Le marché de l’art ne connaît pas la crise

Le marché de l’art ne connaît pas la crise

2022 est une année de records pour les ventes aux enchères. Tiré par les résultats impressionnants de quelques collections passées sous le marteau aux Etats-Unis, le marché de l’art fait mieux que démontrer sa résilience face aux crises économiques et géopolitiques.

Après deux années faussées par la crise sanitaire, le marché de l’art mondial repart à la hausse. Les deux mastodontes du secteur, la société d’enchères Christie’s et sa concurrente Sotheby’s, n’ont montré aucun signe de faiblesse depuis le début de l’année.

Une année faste pour Christie’s et Sotheby’s

Au contraire, elles ont annoncé une année record avec respectivement 8,4 milliards de dollars de ventes pour la société londonienne dirigée par Guillaume Cerruti (contre 4,4 milliards en 2021) et 8 milliards de dollars pour la multinationale américaine, propriété du milliardaire franco-israélien Patrick Drahi, présidée par Charles Stewart (contre 4 milliards l’année dernière).

Les deux institutions, qui concentrent à elles seules près de 50% du marché, continuent ainsi d’assoir leur domination sur les ventes internationales à l’encan. Au total, ces dernières auront généré un chiffre d’affaires de 65,1 milliards de dollars en 2022 selon le rapport annuel « The Art Market 2022 » publié par Art Basel & UBS.

La collection Allen : un record pour une collection privée

Le contexte économique et géopolitique troublé n’a donc pas entamé la confiance des acheteurs, très présents, notamment lors de la mise en vente de grandes collections, comme celle de Paul Allen, le co-fondateur de Microsoft, décédé en 2018. Pour cette vente organisée par Christie’s au Rockefeller Center, à New York, les 9 et 10 novembre, Christie’s a totalisé pas moins de 1,62 milliards de dollars d’adjudications. Un nouveau record avec le montant le plus élevé jamais atteint par une collection privée.

Cinq œuvres ont notamment dépassé la barre des 100 millions de dollars chacune. Une performance inégalée lors d’une seule et même vente. Il s’agit des « Poseuses Ensemble – Petite version » de Georges Seurat (149,2 millions de dollars), de « La montagne Sainte-Victoire » de Paul Cézanne (137,7 millions), du « Verger avec cyprès » de Vincent Van Gogh (117,1 millions), de « Maternité II » de Paul Gauguin (105,7 millions) et de « Birch Forest » de Gustav Klimt (104,5 millions).

Des ventes records tout au long de l’année

Le montant des ventes de cette collection exceptionnelle – 55 chefs d’oeuvre s’étendant sur 500 ans d’histoire de l’art – a ainsi dynamité le précédent record établie par la collection Macklowe, du nom d’un richissime couple new-yorkais, qui a atteint 922 millions de dollars chez Sotheby’s au printemps.

Valeur refuge par temps de crise, animé par les riches collectionneurs internationaux, le marché de l’art continue de croître de manière insolente malgré les incertitudes géopolitiques et économiques.
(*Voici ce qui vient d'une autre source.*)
(* Let $\kappa\ge 3$ be an integer, $\mathcal{P}_0$ a finite set of primes, and $\omega$ a nonnegative integer-valued function on the primes with $\omega(p)<\kappa$ for $p\in\mathcal{P}_0$, $\omega(p)=\kappa$ for primes $p\notin\mathcal{P}_0$, and $\omega(p)<p$ for all primes $p$. Define $\omega_0(p)=\kappa$ for $p>\kappa$ and $\omega_0(p)=\omega(p)$ for $p\le\kappa$. Then for all $z>0$, \[L(z,\omega)\geq \prod_{\substack{p\in\mathcal{P}_0\\ p>\kappa}}\frac{p-\kappa}{p-\omega(p)}\,L(z,\omega_0).\]
   Context: For a function $h$ on the primes with $0\le h(p)<p$ for all $p$, and $z>0$, define $L(z,h)=\sum_{q\leq z}\mu^2(q)\prod_{p\mid q}\frac{h(p)}{p-h(p)}$, where $q$ runs over positive integers and $\mu$ is the Möbius function. *)

From mathcomp Require Import all_boot all_order all_algebra.
Set Implicit Arguments. Unset Strict Implicit. Unset Printing Implicit Defensive.
Import Order.TTheory GRing.Theory Num.Theory.
Local Open Scope ring_scope.

Definition squarefree (q : nat) : bool :=
  [forall d : 'I_q.+1, (1 < d)%N ==> ~~ ((d : nat) ^ 2 %| q)%N].

Definition mu2 (R : pzRingType) (q : nat) : R := if squarefree q then 1 else 0.

Definition L (R : archiRealFieldType) (z : R) (h : nat -> nat) : R :=
  \sum_(1 <= q < (Num.truncn z).+1)
     mu2 R q * \prod_(p <- primes q) ((h p)%:R / ((p%:R : R) - (h p)%:R)).

Definition omega0 (kappa : nat) (omega : nat -> nat) (p : nat) : nat :=
  if (kappa < p)%N then kappa else omega p.

From mathcomp Require Import all_boot all_order all_algebra.
From mathcomp Require Import ring lra.

Set Implicit Arguments.
Unset Strict Implicit.
Unset Printing Implicit Defensive.
Import Order.TTheory GRing.Theory Num.Theory.
Local Open Scope ring_scope.

(* Raise omega to kappa at the primes p > kappa of P0, one at a time.
   Splitting L(z, h) at p as A + g(h p) B with g(a) = a / (p - a), where A
   sums over the q <= z coprime to p and B over the multiples of p with the
   factor at p removed, the map b p |-> b sends the nonzero terms of B to terms
   of A, so B <= A.  Hence a |-> (p - a) (A + g(a) B) = (p - a) A + a B is
   nonincreasing, and raising h p from omega p to kappa multiplies L by at
   most (p - omega p) / (p - kappa). *)

Lemma sum_dvdn_nat (M : nmodType) (F : nat -> M) p N : (0 < p)%N ->
  \sum_(1 <= q < N.+1 | (p %| q)%N) F q = \sum_(1 <= b < (N %/ p).+1) F (b * p)%N.
Proof.
move=> p_gt0; rewrite big_mkcond /=.
elim: N => [|N IHN]; first by rewrite div0n !big_geq.
rewrite big_nat_recr //= IHN divnS //.
case pN: (p %| N.+1)%N; last by rewrite addr0.
rewrite add1n [RHS]big_nat_recr //=; congr (_ + F _).
by have := divnK pN; rewrite divnS // pN add1n.
Qed.

Lemma squarefree_dvd d m : (0 < m)%N -> (d %| m)%N -> squarefree m -> squarefree d.
Proof.
move=> m_gt0 dvd_dm /forallP sqf_m; apply/forallP => e; apply/implyP => e_gt1.
have e_lt : (e < m.+1)%N by rewrite (leq_trans (ltn_ord e)) // ltnS dvdn_leq.
apply: contra (implyP (sqf_m (Ordinal e_lt)) e_gt1) => /= dvd_e2d.
exact: dvdn_trans dvd_e2d dvd_dm.
Qed.

Lemma dvdn_not_squarefreeM p b : (1 < p)%N -> (0 < b)%N -> (p %| b)%N ->
  ~~ squarefree (b * p).
Proof.
move=> p_gt1 b_gt0 dvd_pb; apply/forallPn.
have p_lt : (p < (b * p).+1)%N by rewrite ltnS leq_pmull.
by exists (Ordinal p_lt); rewrite /= p_gt1 negbK mulnC expnS expn1 dvdn_mul.
Qed.

Lemma perm_primesM_prime b p : prime p -> (0 < b)%N -> ~~ (p %| b)%N ->
  perm_eq (primes (b * p)) (p :: primes b).
Proof.
move=> pr_p b_gt0 ndvd_pb; apply: uniq_perm; first exact: primes_uniq.
  by rewrite /= primes_uniq andbT mem_primes pr_p b_gt0 (negbTE ndvd_pb).
by move=> r; rewrite primesM // ?prime_gt0 // in_cons orbC primes_prime // mem_seq1.
Qed.

Lemma scaled_weight_le (R : realFieldType) (P x y A B : R) :
  0 <= x -> x <= y -> y < P -> 0 <= B -> B <= A ->
  (P - y) / (P - x) * (A + y / (P - y) * B) <= A + x / (P - x) * B.
Proof.
move=> x_ge0 le_xy lt_yP B_ge0 le_BA.
have Px_neq0 : P - x != 0 by rewrite subr_eq0 gt_eqF //; lra.
have Py_neq0 : P - y != 0 by rewrite subr_eq0 gt_eqF //; lra.
have -> : (P - y) / (P - x) * (A + y / (P - y) * B)
          = ((P - y) * A + y * B) / (P - x) by field; rewrite Px_neq0 Py_neq0.
have -> : A + x / (P - x) * B = ((P - x) * A + x * B) / (P - x) by field.
have Px_inv_ge0 : 0 <= (P - x)^-1 by rewrite invr_ge0 subr_ge0; lra.
rewrite ler_wpM2r //.
have : 0 <= (y - x) * (A - B) by apply: mulr_ge0; rewrite subr_ge0.
nra.
Qed.

Section SieveSum.
Variable R : archiRealFieldType.

Definition sieve_weight (h : nat -> nat) (p : nat) : R :=
  (h p)%:R / (p%:R - (h p)%:R).

Definition sieve_term (h : nat -> nat) (P : pred nat) (q : nat) : R :=
  mu2 R q * \prod_(r <- primes q | P r) sieve_weight h r.

Lemma mu2_ge0 q : 0 <= mu2 R q.
Proof. by rewrite /mu2; case: ifP. Qed.

Lemma prod_sieve_weight_ge0 h P q : (forall r, prime r -> (h r < r)%N) ->
  0 <= \prod_(r <- primes q | P r) sieve_weight h r.
Proof.
move=> h_lt; rewrite big_seq_cond; apply: prodr_ge0 => r.
rewrite mem_primes => /andP[/andP[pr_r _] _].
by rewrite divr_ge0 ?ler0n // subr_ge0 ler_nat ltnW ?h_lt.
Qed.

Lemma sieve_term_ge0 h P q : (forall r, prime r -> (h r < r)%N) ->
  0 <= sieve_term h P q.
Proof. by move=> h_lt; rewrite mulr_ge0 ?mu2_ge0 ?prod_sieve_weight_ge0. Qed.

Lemma eq_L_prime (z : R) h h' : (forall r, prime r -> h r = h' r) ->
  L z h = L z h'.
Proof.
move=> eq_hh'; apply: eq_bigr => q _; congr (_ * _).
rewrite big_seq [RHS]big_seq; apply: eq_bigr => r.
by rewrite mem_primes => /andP[pr_r _]; rewrite eq_hh'.
Qed.

(* Only h p is made explicit: h1 is any function agreeing with h off p. *)
Lemma L_split_dvd (z : R) p h h1 : prime p -> (forall r, r != p -> h r = h1 r) ->
  L z h = \sum_(1 <= q < (Num.truncn z).+1 | ~~ (p %| q)%N) sieve_term h1 predT q
        + sieve_weight h p *
          \sum_(1 <= q < (Num.truncn z).+1 | (p %| q)%N) sieve_term h1 (predC1 p) q.
Proof.
move=> pr_p eq_hh1; rewrite /L (bigID (fun q => (p %| q)%N)) /= addrC.
congr (_ + _).
  apply: eq_bigr => q ndvd_pq; congr (_ * _); rewrite big_seq [RHS]big_seq.
  apply: eq_bigr => r; rewrite mem_primes => /and3P[_ _ dvd_rq].
  by rewrite /sieve_weight eq_hh1 //; apply: contraNneq ndvd_pq => <-.
rewrite mulr_sumr big_nat_cond [RHS]big_nat_cond.
apply: eq_bigr => q /andP[/andP[q_gt0 _] dvd_pq].
rewrite (bigD1_seq p) ?primes_uniq ?mem_primes ?pr_p ?q_gt0 ?dvd_pq //=.
rewrite /sieve_term mulrCA; congr (_ * (_ * _)).
by apply: eq_bigr => r r_neq_p; rewrite /sieve_weight eq_hh1.
Qed.

Lemma prod_primesM_prime h b p : prime p -> (0 < b)%N -> ~~ (p %| b)%N ->
  \prod_(r <- primes (b * p) | r != p) sieve_weight h r
  = \prod_(r <- primes b) sieve_weight h r.
Proof.
move=> pr_p b_gt0 ndvd_pb.
rewrite (perm_big _ (perm_primesM_prime pr_p b_gt0 ndvd_pb)) big_cons eqxx /=.
rewrite big_seq_cond [RHS]big_seq; apply: eq_bigl => r.
case: (boolP (r \in primes b)) => //= r_in.
by apply: contraTneq r_in => ->; rewrite mem_primes pr_p b_gt0 (negbTE ndvd_pb).
Qed.

Lemma sieve_term_mul_prime_le h b p : prime p -> (0 < b)%N ->
  (forall r, prime r -> (h r < r)%N) ->
  sieve_term h (predC1 p) (b * p)
  <= (if (p %| b)%N then 0 else sieve_term h predT b).
Proof.
move=> pr_p b_gt0 h_lt; rewrite /sieve_term; case: ifPn => [dvd_pb | ndvd_pb].
  have := dvdn_not_squarefreeM (prime_gt1 pr_p) b_gt0 dvd_pb.
  by rewrite /mu2 => /negbTE ->; rewrite mul0r.
rewrite prod_primesM_prime // ler_wpM2r ?prod_sieve_weight_ge0 //.
rewrite /mu2; case: ifP => [sqf_bp | _]; last by case: ifP.
have bp_gt0 : (0 < b * p)%N by rewrite muln_gt0 b_gt0 prime_gt0.
by rewrite (squarefree_dvd bp_gt0 (dvdn_mulr p (dvdnn b)) sqf_bp).
Qed.

Lemma sum_dvd_le_sum_coprime N p h :
  prime p -> (forall r, prime r -> (h r < r)%N) ->
  \sum_(1 <= q < N.+1 | (p %| q)%N) sieve_term h (predC1 p) q
  <= \sum_(1 <= q < N.+1 | ~~ (p %| q)%N) sieve_term h predT q.
Proof.
move=> pr_p h_lt; rewrite sum_dvdn_nat ?prime_gt0 //.
apply: le_trans (_ : _ <= \sum_(1 <= b < (N %/ p).+1 | ~~ (p %| b)%N)
                           sieve_term h predT b) _.
  rewrite [X in _ <= X]big_mkcond /=; apply: ler_sum_nat => b /andP[b_gt0 _].
  by rewrite if_neg; exact: sieve_term_mul_prime_le.
rewrite [X in _ <= X](big_cat_nat _ (n := (N %/ p).+1)) //= ?ltnS ?leq_div //.
by rewrite lerDl sumr_ge0 // => b _; exact: sieve_term_ge0.
Qed.

Lemma L_raise_prime_le (z : R) h1 h2 p : prime p ->
  (forall r, r != p -> h2 r = h1 r) -> (forall r, prime r -> (h1 r < r)%N) ->
  (h1 p <= h2 p)%N -> (h2 p < p)%N ->
  (p%:R - (h2 p)%:R) / (p%:R - (h1 p)%:R) * L z h2 <= L z h1.
Proof.
move=> pr_p eq_h21 h1_lt le_h12 lt_h2p.
rewrite (L_split_dvd z pr_p eq_h21).
rewrite (L_split_dvd z (h1 := h1) pr_p (fun _ _ => erefl)).
apply: scaled_weight_le; rewrite ?ler0n ?ler_nat ?ltr_nat //.
  by rewrite sumr_ge0 // => q _; exact: sieve_term_ge0.
exact: sum_dvd_le_sum_coprime.
Qed.

Definition raise_on (kappa : nat) (omega : nat -> nat) (s : seq nat) (r : nat) :=
  if r \in s then kappa else omega r.

Lemma L_raise_on_le (z : R) kappa omega s : all prime s -> uniq s ->
  (forall p, p \in s -> (omega p <= kappa < p)%N) ->
  (forall r, prime r -> (omega r < r)%N) ->
  \prod_(p <- s) ((p%:R - kappa%:R) / (p%:R - (omega p)%:R))
    * L z (raise_on kappa omega s) <= L z omega.
Proof.
move=> + + + omega_lt; elim: s => [|p s IHs] /=.
  by move=> _ _ _; rewrite big_nil mul1r.
move=> /andP[pr_p prime_s] /andP[p_notin_s uniq_s] kappa_between.
have /andP[le_omega_kappa lt_kappa_p] := kappa_between p (mem_head p s).
have {}kappa_between q : q \in s -> (omega q <= kappa < q)%N.
  by move=> q_in_s; apply: kappa_between; rewrite in_cons q_in_s orbT.
have prod_ge0 :
    0 <= \prod_(q <- s) ((q%:R - kappa%:R) / (q%:R - (omega q)%:R) : R).
  rewrite big_seq; apply: prodr_ge0 => q /kappa_between /andP[le_oq lt_kq].
  by rewrite divr_ge0 // subr_ge0 ler_nat ltnW // (leq_ltn_trans le_oq).
rewrite big_cons -mulrA mulrCA.
apply: le_trans (IHs prime_s uniq_s kappa_between); rewrite ler_wpM2l //.
have raise_s_p : raise_on kappa omega s p = omega p.
  by rewrite /raise_on (negbTE p_notin_s).
have raise_ps_p : raise_on kappa omega (p :: s) p = kappa.
  by rewrite /raise_on mem_head.
have := L_raise_prime_le z (h1 := raise_on kappa omega s)
  (h2 := raise_on kappa omega (p :: s)) pr_p.
rewrite raise_s_p raise_ps_p; apply => //.
  by move=> r r_neq_p; rewrite /raise_on in_cons (negbTE r_neq_p).
move=> r pr_r; rewrite /raise_on; case: ifP => [/kappa_between /andP[] //|_].
exact: omega_lt.
Qed.

End SieveSum.

Theorem corollary1 (R : archiRealFieldType) (kappa : nat) (P0 : seq nat)
    (omega : nat -> nat)
    (hkappa : (3 <= kappa)%N)
    (hP0prime : all prime P0) (hP0uniq : uniq P0)
    (hin : forall p, prime p -> p \in P0 -> (omega p < kappa)%N)
    (hout : forall p, prime p -> p \notin P0 -> omega p = kappa)
    (hlt : forall p, prime p -> (omega p < p)%N)
    (z : R) (hz : 0 < z) :
  L z omega >=
    (\prod_(p <- P0 | (kappa < p)%N)
        (((p%:R : R) - kappa%:R) / (p%:R - (omega p)%:R)))
    * L z (omega0 kappa omega).
Proof.
set P := [seq p <- P0 | (kappa < p)%N].
have omega0_raise r : prime r -> omega0 kappa omega r = raise_on kappa omega P r.
  move=> pr_r; rewrite /omega0 /raise_on /P mem_filter andbC.
  case: ifP => lt_kappa_r; rewrite ?andbT ?andbF //.
  by case: ifPn => // r_notin; rewrite hout.
rewrite -big_filter (eq_L_prime _ omega0_raise).
apply: L_raise_on_le => //; rewrite ?filter_uniq //.
  by apply/allP => p; rewrite mem_filter => /andP[_ /(allP hP0prime)].
move=> p; rewrite mem_filter => /andP[-> p_in].
by rewrite ltnW ?hin ?(allP hP0prime).
Qed.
En témoigne encore la vente en mai dernier, toujours chez Cristie’s, d’un célèbre portrait de Marilyn Monroe par Andy Warhol, lequel avait atteint le record de l’œuvre d’art du XXe siècle la plus chère vendue aux enchères (195 millions de dollars).

Côté acheteurs, si « les asiatiques ont été absolument cruciaux pour le résultat » de la collection Allen d’après Christie’s, ceux de l’Asie-Pacifique sont en recul de 31 à 26% par rapport à l’année dernière. Ceux originaires d’Amérique du Nord et du Sud sont en hausse (40% en valeur, 35% en 2021).